● **Stored data entries**:

-*-*-

Lemma finField_prim_root (F : finFieldType) q :
  (0 < q)%N -> (q %| #|F|.-1)%N -> exists w : F, q.-primitive_root w.
Proof.
move=> q_gt0 dv_q.
pose units := [seq z <- enum F | z != 0].
have card_gt0 : (0 < #|F|.-1)%N by rewrite ltn_predRL finNzRing_gt1.
have /hasP[z _ z_prim] : has (#|F|.-1).-primitive_root units.
  apply: has_prim_root => //.
  - apply/allP => z; rewrite mem_filter unity_rootE => /andP[z_neq0 _].
    by apply/eqP/(mulfI z_neq0); rewrite mulr1 -exprS prednK ?expf_card // ltnW ?finNzRing_gt1.
  - exact/filter_uniq/enum_uniq.
  - by rewrite -(cardC1 (0 : F)) cardE /enum_mem /units enumT.
exists (z ^+ (#|F|.-1 %/ q)); exact: dvdn_prim_root.
Qed.

Lemma det_scaled_Vandermonde_neq0 (F : fieldType) n (c z : 'I_n -> F) :
  (forall i, c i != 0) -> injective z -> \det (\matrix_(i, j) (c i * z i ^+ j)) != 0.
Proof.
move=> c_neq0 z_inj.
have -> : \matrix_(i, j) (c i * z i ^+ j) = diag_mx (\row_i c i) *m (Vandermonde n (\row_i z i))^T.
  by apply/matrixP => i j; rewrite mul_diag_mx !mxE.
rewrite det_mulmx det_diag det_tr det_Vandermonde; apply: mulf_neq0.
  by apply/prodf_neq0 => i _; rewrite mxE.
apply/prodf_neq0 => i _; apply/prodf_neq0 => j lt_ij; rewrite !mxE subr_eq0.
by apply: contraTneq lt_ij => /z_inj ->; rewrite ltnn.
Qed.

Variables (F : fieldType) (q : nat) (w : F).
Hypothesis w_prim : q.-primitive_root w.
Lemma formula_below_fexn n phi N : formula_below (n + N) phi -> formula_below N (fexn n phi).
Proof. by elim: n N => [|n IH] N //= H; apply: IH; rewrite addnS. Qed.

End Syntax.

Definition increasing (j : nat -> nat) := {homo j : a b / a < b}.

Definition homogeneous N (c : seq nat -> Prop) (j : nat -> nat) :=
  forall u v, sorted ltn u -> sorted ltn v -> size u = N -> size v = N ->
    (c (map j u) <-> c (map j v)).

Lemma increasing_id : increasing id. Proof. by []. Qed.

Lemma increasing_comp f g : increasing f -> increasing g -> increasing (f \o g).
Proof. by move=> Hf Hg a b /Hg /Hf. Qed.

Lemma increasingS f : (forall i, f i < f i.+1) -> increasing f.
Proof. exact: homo_ltn ltn_trans. Qed.

Lemma sorted_map_increasing f u : increasing f -> sorted ltn u -> sorted ltn (map f u).
Proof. by move=> Hf; apply: homo_sorted. Qed.

Lemma increasing_ltn f a b : increasing f -> (f a < f b) = (a < b).
Proof.
move=> Hf; case: (ltngtP a b) => [/Hf -> // | /Hf Hba | ->]; last exact: ltnn.
by apply/negbTE; rewrite -leqNgt ltnW.
Qed.

Lemma increasing_enum (P : nat -> Prop) : (forall n, exists k, n <= k /\ P k) ->
  exists2 q, increasing q & forall i, P (q i).
Proof.
move=> H; have [F HF] := functional_choice _ H.
pose q := fix q i := if i is i'.+1 then F (q i').+1 else F 0.
exists q; first by apply: increasingS => i /=; case: (HF (q i).+1).
by case=> [|i] /=; [case: (HF 0) | case: (HF (q i).+1)].
Qed.

Lemma infinite_pigeonhole (col : nat -> Prop) :
  exists P : Prop, exists2 q, increasing q & forall i, col (q i) <-> P.
Proof.
have [Hinf|Hfin] := classic (forall n, exists k, n <= k /\ col k).
  by exists True; have [q Hq Hcol] := increasing_enum Hinf; exists q.
exists False; suff [q Hq Hcol] : exists2 q, increasing q & forall i, ~ col (q i).
  by exists q => // i; split=> // /Hcol.
apply: (@increasing_enum (fun k => ~ col k)) => n; apply: NNPP => Hn; apply: Hfin => n'.
apply: NNPP => Hn'; apply: Hn; exists (maxn n n'); split; first exact: leq_maxl.
by move=> Hc; apply: Hn'; exists (maxn n n'); split; first exact: leq_maxr.
Qed.

Lemma sorted_in_range h ws : increasing h -> sorted ltn ws ->
  (forall w, w \in ws -> exists p, w = h p) ->
  exists u, [/\ sorted ltn u, size u = size ws & ws = map h u].
Proof.
move=> Hh; elim: ws => [|w ws IH] Hs Hr; first by exists [::].
have [u [Hu Hsz Ews]] : exists u, [/\ sorted ltn u, size u = size ws & ws = map h u].
  by apply: IH => [|x Hx]; [exact: path_sorted Hs | apply: Hr; rewrite inE Hx orbT].
have [p Ew] := Hr w (mem_head _ _).
exists (p :: u); split; rewrite /= ?Hsz ?Ews ?Ew //.
move: Hs; rewrite Ews Ew; case: {Hsz Ews} u Hu => //= q u ->.
by rewrite increasing_ltn // andbT => /andP[].
Qed.

Theorem ramsey N (c : seq nat -> Prop) : exists j, increasing j /\ homogeneous N c j.
Proof.
elim: N c => [|N IHN] c.
  by exists id; split=> // [] [|? ?] [|? ?].
have [R HR] := functional_choice _ IHN.
pose tail_col (h : nat -> nat) u := c (h 0 :: map (h \o succn) u).
(* H k.+1 is a subsequence of the tail of H k on which the colour of the N-sets, prefixed
   by the head H k 0, is constant; along the heads the colour depends on the first element only. *)
pose H := fix H k := if k is k'.+1 then H k' \o succn \o R (tail_col (H k')) else id.
pose col k := tail_col (H k) (map (R (tail_col (H k))) (iota 0 N)).
have incH k : increasing (H k).
  elim: k => [|k IH] //=; do 2![apply: increasing_comp => //]; exact: (HR _).1.
have colH k u : sorted ltn u -> size u = N -> c (H k 0 :: map (H k.+1) u) <-> col k.
  move=> Hu Hsz; have [_ Hhom] := HR (tail_col (H k)).
  rewrite /col -(Hhom u (iota 0 N)) ?size_iota ?iota_ltn_sorted //.
  by rewrite /tail_col -map_comp.
have rangeH a b i : a <= b -> exists p, H b i = H a p.
  move=> /subnK <-; elim: (b - a) i => [|d IH] i; first by exists i.
  by rewrite addSn; exact: IH.
have incx : increasing (fun k => H k 0).
  by apply: increasingS => k /=; rewrite increasing_ltn.
have [P [q incq colq]] := infinite_pigeonhole col.
exists (fun i => H (q i) 0); split; first exact: increasing_comp incx incq.
suff key u : sorted ltn u -> size u = N.+1 -> c (map (fun i => H (q i) 0) u) <-> P.
  by move=> u v Hu Hv Hsu Hsv; rewrite key // key.
case: u => [|u0 u] //= Hs [Hsz].
have Hu : sorted ltn u := path_sorted Hs.
have [u' [Hu' Hsz' ->]] : exists u', [/\ sorted ltn u', size u' = size (map (fun i => H (q i) 0) u)
    & map (fun i => H (q i) 0) u = map (H (q u0).+1) u'].
  apply: sorted_in_range => //; first exact: sorted_map_increasing (increasing_comp incx incq) Hu.
  move=> w /mapP [t Ht ->]; apply: rangeH.
  by apply: incq; move/allP: (order_path_min ltn_trans Hs); apply.
by rewrite colH // Hsz' size_map.
Qed.

Lemma nth_le_sumn (s : seq nat) b : nth 0 s b <= sumn s.
Proof. by elim: s b => [|x s IH] [|b] //=; rewrite ?leq_addr // (leq_trans (IH b)) ?leq_addl. Qed.

Section Blocks.
Variables (L : signature) (M : structure L).

Lemma tup_envL n (x : 'I_n -> M) rest i (Hi : i < n) : tup_env x rest i = x (Ordinal Hi).
Proof. by rewrite /tup_env insubT. Qed.

Lemma tup_envR n (x : 'I_n -> M) rest i : n <= i -> tup_env x rest i = rest (i - n).
Proof. by move=> Hi; rewrite /tup_env insubF // ltnNge Hi. Qed.

Lemma tup_env_ord n (x : 'I_n -> M) rest : (fun o : 'I_n => tup_env x rest o) = x.
Proof. by apply: functional_extensionality => o; rewrite tup_envL; congr x; apply: val_inj. Qed.
Lemma width_ge_crosses (K : finType) (R C : K -> {set T}) (row col : T -> K) :
  (forall i v, v \in R i -> row v = i) -> (forall j v, v \in C j -> col v = j) ->
  (forall i j, R i :&: C j != set0) -> (forall i j, connected_set e (R i :|: C j)) ->
  #|K| <= (width B).+1.
Proof.
move=> R_row C_col RC_meet RC_conn.
case: (posnP #|K|) => [-> //|/card_gt0P [i0 _]].
have [[[t_sym t_irr] [_ [_ t_acyclic]]] [B_cover _]] := B_td.
have [a a_cross] : exists a, forall k : K * K, a \in bag_support (R k.1 :|: C k.2).
  apply: (subtree_helly t_sym t_irr t_acyclic (i0, i0)) => [k|k|k k'].
  - case/set0Pn: (RC_meet k.1 k.2) => v /setIP [vR _]; have [a va] := B_cover v.
    by apply/set0Pn; exists a; apply/bag_supportP; exists v; rewrite // inE vR.
  - exact: bag_support_connected.
  - case/set0Pn: (RC_meet k.1 k'.2) => v /setIP [vR vC]; have [a va] := B_cover v.
    apply/set0Pn; exists a; rewrite inE.
    by apply/andP; split; apply/bag_supportP; exists v; rewrite // !inE ?vR ?vC ?orbT.
(* The bag B a meets every cross; if it misses some R i, it meets every C j. *)
apply: leq_trans (bag_card_le_width a).
case: (boolP [forall i, [exists v in B a, v \in R i]]) => [/forallP B_rows|].
  apply: leq_trans (leq_imset_card row (B a)); rewrite -cardsT subset_leq_card //.
  apply/subsetP => i _; have /exists_inP [v va vR] := B_rows i.
  by apply/imsetP; exists v; rewrite // (R_row i v vR).
rewrite negb_forall => /existsP [i /exists_inPn B_miss_Ri].
apply: leq_trans (leq_imset_card col (B a)); rewrite -cardsT subset_leq_card //.
apply/subsetP => j _; have /bag_supportP [v] := a_cross (i, j).
case/setUP => [vR|vC] va; first by have := B_miss_Ri v va; rewrite vR.
by apply/imsetP; exists v; rewrite // (C_col j v vC).
Qed.

End BagSupport.

Definition reach (T : Type) (e : rel T) (k : nat) (x y : T) : Prop :=
  exists p, size p <= k /\ path e x p /\ last x p = y.

Section Reach.
Variables (T : Type) (e : rel T).

Lemma reach0 x : reach e 0 x x.
Proof. by exists [::]. Qed.

Lemma reach1 x y : e x y -> reach e 1 x y.
Proof. by exists [:: y]; rewrite /= andbT. Qed.

Lemma reach_le k k' x y : k <= k' -> reach e k x y -> reach e k' x y.
Proof. by move=> le_kk' [p [size_p p_xy]]; exists p; rewrite (leq_trans size_p). Qed.

Lemma reach_trans k k' x y z : reach e k x y -> reach e k' y z -> reach e (k + k') x z.
Proof.
move=> [p [size_p [pth <-]]] [q [size_q [qth <-]]].
by exists (p ++ q); rewrite size_cat leq_add // cat_path pth qth last_cat.
Qed.

Lemma chain_reach (f : nat -> T) k :
  (forall i, i < k -> e (f i) (f i.+1)) -> reach e k (f 0) (f k).
Proof.
elim: k => [|k IH] f_chain; first exact: reach0.
have := reach_trans (IH (fun i lt_ik => f_chain i (ltnW lt_ik))) (reach1 (f_chain k (ltnSn k))).
by rewrite addn1.
Qed.
Lemma contains_Ppath_of : #|e2 :&: e3| = 1 -> e1 :&: e3 = set0 -> contains H Ppath.
Proof.
move=> e23 e13.
have cover7 : #|e1 :|: e2 :|: e3| = 7.
  by rewrite cardsU (cardsU e1) setIUl e13 set0U (H3 e1H) (H3 e2H) (H3 e3H) e12 e23.
have /cards1P [c ec] : #|e1 :&: e2| == 1 by rewrite e12.
have /cards1P [d ed] : #|e2 :&: e3| == 1 by rewrite e23.
have /setIP [ce1 ce2] : c \in e1 :&: e2 by rewrite ec set11.
have /setIP [de2 de3] : d \in e2 :&: e3 by rewrite ed set11.
have cd : c != d.
  apply: contraTneq ce1 => ->; apply/negP => de1.
  have : d \in e1 :&: e3 by rewrite inE de1 de3.
  by rewrite e13 inE.
have [a [b E1]] := card3_eq_set3_1 (H3 e1H) ce1.
have [m E2] := card3_eq_set3_2 (H3 e2H) ce2 de2 cd.
have [f [g E3]] := card3_eq_set3_1 (H3 e3H) de3.
have us : uniq [:: a; b; c; m; d; f; g].
  apply: (uniq_of_card_set (X := e1 :|: e2 :|: e3)) => // x.
  rewrite E1 E2 E3 !inE.
  by case: (x == a); case: (x == b); case: (x == c); case: (x == m); case: (x == d);
    case: (x == f); case: (x == g).
apply: (contains_of_seq (x0 := a) us) => // e.
rewrite !inE => /orP [/orP [/eqP -> | /eqP ->] | /eqP ->]; rewrite imset_nth_tri //=.
- by rewrite -set3_rotl -E1.
- by rewrite -E2.
- by rewrite -E3.
Qed.
Lemma cext_split_coboundary x y : coboundary (fun q => r (0, q)) x y = - c x y.
Proof.
have [cC c0 _] := cP.
have rD : forall e e', r (e + e') = r e + r e'.
  by have [_ _ rD _] := sub_morph_props r_sub.
have : ((0, x) : E) + (0, y) = ((0, x + y) : E) + cext_in (c x y).
  by rewrite !cext_addE /= [c _ 0]cC c0 !add0r !addr0.
move=> /(congr1 r); rewrite !rD r_in /coboundary -addrA -opprD => ->.
by rewrite opprD addrA subrr add0r.
Qed.
End Splitting.

End CocycleExtension.
Arguments cext_in {A Q c cP} a.

(* t = r g in the divisible hull of G *)
Definition scales (G : zmodType) (r : rat) (g t : G) : Prop :=
  exists a b : int, [/\ 0 < b, r = a%:~R / b%:~R & t *~ b = g *~ a].

Definition in_nucleus (G : zmodType) (r : rat) : Prop :=
  forall g : G, exists t, scales r g t.

Section Nucleus.
Variables (G : zmodType) (tf : torsion_free G).
Implicit Types (g t : G) (r : rat).

Lemma torsion_free_mulrz g (n : int) : n != 0 -> g *~ n = 0 -> g = 0.
Proof.
case: n => [[|m]|m] //= _.
  by rewrite -pmulrn; apply: tf.
by rewrite NegzE mulrNz -pmulrn => /eqP; rewrite oppr_eq0 => /eqP; apply: tf.
Qed.

Lemma mulrz_eq_frac t g (a b a' b' : int) : 0 < b -> 0 < b' ->
  a%:~R / b%:~R = a'%:~R / b'%:~R :> rat -> t *~ b = g *~ a -> t *~ b' = g *~ a'.
Proof.
move=> b_gt0 b'_gt0 eq_frac tg.
have cross : a * b' = a' * b.
  have [b0 b'0] : (b%:~R : rat) != 0 /\ (b'%:~R : rat) != 0.
    by rewrite !intr_eq0 !gt_eqF.
  by apply: (@intr_inj rat); rewrite !intrM; move/eqP: eq_frac; rewrite eqr_div // => /eqP.
apply/eqP; rewrite -subr_eq0; apply/eqP.
apply: (@torsion_free_mulrz _ b); first by rewrite gt_eqF.
by rewrite mulrzBl -!mulrzA -cross [b' * b]mulrC !mulrzA tg subrr.
Qed.

Lemma scales_frac r g t (a b : int) : scales r g t -> 0 < b -> r = a%:~R / b%:~R ->
  t *~ b = g *~ a.
Proof. by move=> [a0 [b0 [b0_gt0 -> tg]]] b_gt0 eq_r; apply: mulrz_eq_frac tg. Qed.

Lemma scales_uniq r g t t' : scales r g t -> scales r g t' -> t = t'.
Proof.
move=> [a [b [b_gt0 eq_r tg]]] rt'; have := scales_frac rt' b_gt0 eq_r.
rewrite -tg => /eqP; rewrite -subr_eq0 -mulrzBl => /eqP.
by move/torsion_free_mulrz; rewrite gt_eqF // => /(_ isT) /eqP; rewrite subr_eq0 => /eqP.
Qed.

Lemma scalesD r r' g t t' : scales r g t -> scales r' g t' -> scales (r + r') g (t + t').
Proof.
move=> [a [b [b_gt0 -> tg]]] [a' [b' [b'_gt0 -> tg']]].
exists (a * b' + a' * b), (b * b'); split; first by rewrite mulr_gt0.
  by rewrite !(intrD, intrM); field; rewrite !intr_eq0 !gt_eqF.
have tb : t' *~ b *~ b' = g *~ a' *~ b by rewrite -mulrzA mulrC mulrzA tg' -!mulrzA.
by rewrite mulrzDl mulrzDr !mulrzA tg tb.
Qed.

Lemma scalesN r g t : scales r g t -> scales (- r) g (- t).
Proof.
move=> [a [b [b_gt0 -> tg]]]; exists (- a), b; split => //.
  by rewrite intrN mulNr.
by rewrite mulNrz tg mulrNz.
Qed.

Lemma scalesM r r' g t s : scales r g t -> scales r' t s -> scales (r' * r) g s.
Proof.
move=> [a [b [b_gt0 -> tg]]] [a' [b' [b'_gt0 -> st]]].
exists (a' * a), (b' * b); split; first by rewrite mulr_gt0.
  by rewrite !intrM; field; rewrite !intr_eq0 !gt_eqF.
by rewrite mulrzA st -mulrzA mulrC (mulrzA t) tg -mulrzA mulrC.
Qed.

Lemma scales_int (n : int) g : scales n%:~R g (g *~ n).
Proof. by exists n, 1; split => //; rewrite divr1. Qed.

Lemma scalesMn r g t (n : nat) : scales r (g *+ n) t -> scales (r * n%:R) g t.
Proof.
move=> [a [b [b_gt0 -> tg]]]; exists (a * n%:Z), b; split => //.
  by rewrite intrM -pmulrn mulrAC.
by rewrite tg pmulrn -!mulrzA mulrC.
Qed.

Lemma in_nucleusE r : in_nucleus G r <-> in_nuc (fun _ : G => True) r.
Proof.
split=> [rG g _ | rG g].
  have [t rgt] := rG g; exists t => //.
  by apply: scales_frac rgt (denq_gt0 r) _; rewrite divq_num_den.
have [t _ tg] := rG g I; exists t, (numq r), (denq r).
by split; [exact: denq_gt0 | rewrite divq_num_den | exact: tg].
Qed.

Lemma in_nucleusD r r' : in_nucleus G r -> in_nucleus G r' -> in_nucleus G (r + r').
Proof.
by move=> rG r'G g; have [t rt] := rG g; have [t' r't'] := r'G g; exists (t + t'); apply: scalesD.
Qed.

Lemma in_nucleusN r : in_nucleus G r -> in_nucleus G (- r).
Proof. by move=> rG g; have [t rt] := rG g; exists (- t); apply: scalesN. Qed.

Lemma in_nucleusM r r' : in_nucleus G r -> in_nucleus G r' -> in_nucleus G (r' * r).
Proof.
by move=> rG r'G g; have [t rt] := rG g; have [s r's] := r'G t; exists s; apply: scalesM r's.
Qed.

Lemma in_nucleus_int (n : int) : in_nucleus G n%:~R.
Proof. by move=> g; exists (g *~ n); apply: scales_int. Qed.

Lemma in_nucleus_nat (n : nat) : in_nucleus G n%:R.
Proof. by have := in_nucleus_int n; rewrite -pmulrn. Qed.

Lemma in_nucleusMn r (n : nat) : in_nucleus G r -> in_nucleus G (r *+ n).
Proof. by move=> rG; rewrite -mulr_natl; apply: in_nucleusM rG (in_nucleus_nat n). Qed.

-*-*-

In the entries, how many lines include the string "Hcol"? Only the number should be given.

● **Answer for this exercise**: 3